▸ **PROBLEM DESCRIPTION**: Find "apply/subset_leq_card/subsetP => x;" and "(sstar S <= units" in the records below. Copy the lines holding them and every line between, exactly, and no others.

(Dataset entries)
= Beginning of Section =

Lemma round_winner_transfer p q h w :
  round_winner tb p h = Some w -> highest q h w ->
  (forall j, highest q h j -> highest p h j) -> round_winner tb q h = Some w.
Proof.
move=> + Hqw Hqp; rewrite /round_winner; elim: (tb h) => //= x s IH.
case: ifP => Hpx /=.
  by case=> Ex; rewrite -Ex in Hqw *; move: Hqw; rewrite /highest => ->.
by case: ifP => Hqx //; move: (Hqp x Hqx); rewrite /highest Hpx.
Qed.

Lemma step_winner p h w :
  remaining h != set0 -> round_winner tb p h = Some w ->
  step tb p h = rcons h (w, (p w h).1, (p w h).2).
Proof. by rewrite /step => /negbTE -> ->. Qed.

End Winner.

Lemma nth_sorted_values_ge (R : realFieldType) (T : finType) (f : T -> R)
    (S A : {set T}) (c : R) (k : nat) :
  A \subset S -> {in A, forall x, c <= f x} ->
  (0 < k <= #|S|)%N -> (#|S| < #|A| + k)%N ->
  c <= nth 0 (sort (fun x y : R => x <= y) [seq f x | x in S]) k.-1.
Proof.
move=> AS HA /andP[k_gt0 k_le] HSA.
have few_low : (count (fun y : R => (y < c)%R) [seq f x | x in S] <= #|S :\: A|)%N.
  rewrite count_map -size_filter.
  have /card_uniqP <- : uniq [seq x <- enum S | (f x < c)%R].
    by rewrite filter_uniq ?enum_uniq.
  apply/subset_leq_card/subsetP => x; rewrite mem_filter mem_enum !inE => /andP[Hlt ->].
  by rewrite andbT; apply: contraTN Hlt => /HA; rewrite -leNgt.
have := few_low; rewrite cardsD (setIidPr AS) => {}few_low.
apply: nth_count_ge; first exact: sort_le_sorted.
rewrite count_sort size_sort size_map -cardE (prednK k_gt0) k_le andbT.
by rewrite -ltnS (prednK k_gt0) (leq_ltn_trans few_low) // ltn_subLR // subset_leq_card.
Qed.

Section CoreDeviation.
Variables (R : realFieldType) (n m : nat).
Variables (tb : tiebreak R n m) (b : profile R n m) (i : 'I_n)
  (S : {set 'I_m}) (vhat : R).
Hypothesis tb_valid : valid_tiebreak tb.
Implicit Types (h : history R n m).

Definition deviation : profile R n m := upd b i (core_deviation S vhat (b i) i).

Definition units h : nat := #|won i h :&: S|.

Definition gives_up h : bool :=
  (sstar S <= units h)%N || (#|remaining h :&: S| < sstar S - units h)%N.

Definition claim h : {set 'I_m} :=
  [set x in take (sstar S - units h) (enum (remaining h :&: S))].

Definition high_prices h : bool :=
  all (fun a : announcement R n m => vhat / 2 <= a.1.2) h.

Lemma deviation_others h j : j != i -> deviation j h = b j h.
Proof. by rewrite /deviation /upd => /negbTE ->. Qed.

Lemma deviation_active h : ~~ gives_up h ->
  deviation i h = if (b i h).1 < vhat / 2 then (vhat / 2, claim h) else b i h.
Proof.
by rewrite /deviation /upd eqxx /core_deviation -/(units h) /gives_up => /negbTE ->.
Qed.

Lemma claim_completes h : ~~ gives_up h ->
  #|(won i h :|: claim h) :&: S| = sstar S.
Proof.
rewrite /gives_up negb_or -ltnNge -leqNgt => /andP[few_units enough_left].
have claim_fresh : claim h \subset remaining h :&: S.
  by apply/subsetP => x; rewrite inE => /mem_take; rewrite mem_enum.
have card_claim : #|claim h| = (sstar S - units h)%N.
  rewrite cardsE; have /card_uniqP -> : uniq (take (sstar S - units h)
    (enum (remaining h :&: S))) by rewrite take_uniq ?enum_uniq.
  by rewrite size_takel // -cardE.
have disjoint_claim : [disjoint claim h & won i h :&: S].
  rewrite disjoints_subset; apply: subset_trans claim_fresh _.
  apply: subset_trans (subsetIl _ _) _; rewrite /remaining setCS.
  exact: subset_trans (subsetIl _ _) (won_sub_allocated i h).
rewrite setIUl (setIidPl (subset_trans claim_fresh (subsetIr _ _))).
rewrite cardsU [_ :&: claim h]setIC (disjoint_setI0 disjoint_claim) cards0 subn0.
by rewrite card_claim subnKC // ltnW.
Qed.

= End of Section =

▸ **YOUR SOLUTION**:
  apply/subset_leq_card/subsetP => x; rewrite mem_filter mem_enum !inE => /andP[Hlt ->].
  by rewrite andbT; apply: contraTN Hlt => /HA; rewrite -leNgt.
have := few_low; rewrite cardsD (setIidPr AS) => {}few_low.
apply: nth_count_ge; first exact: sort_le_sorted.
rewrite count_sort size_sort size_map -cardE (prednK k_gt0) k_le andbT.
by rewrite -ltnS (prednK k_gt0) (leq_ltn_trans few_low) // ltn_subLR // subset_leq_card.
Qed.

Section CoreDeviation.
Variables (R : realFieldType) (n m : nat).
Variables (tb : tiebreak R n m) (b : profile R n m) (i : 'I_n)
  (S : {set 'I_m}) (vhat : R).
Hypothesis tb_valid : valid_tiebreak tb.
Implicit Types (h : history R n m).

Definition deviation : profile R n m := upd b i (core_deviation S vhat (b i) i).

Definition units h : nat := #|won i h :&: S|.

Definition gives_up h : bool :=
  (sstar S <= units h)%N || (#|remaining h :&: S| < sstar S - units h)%N.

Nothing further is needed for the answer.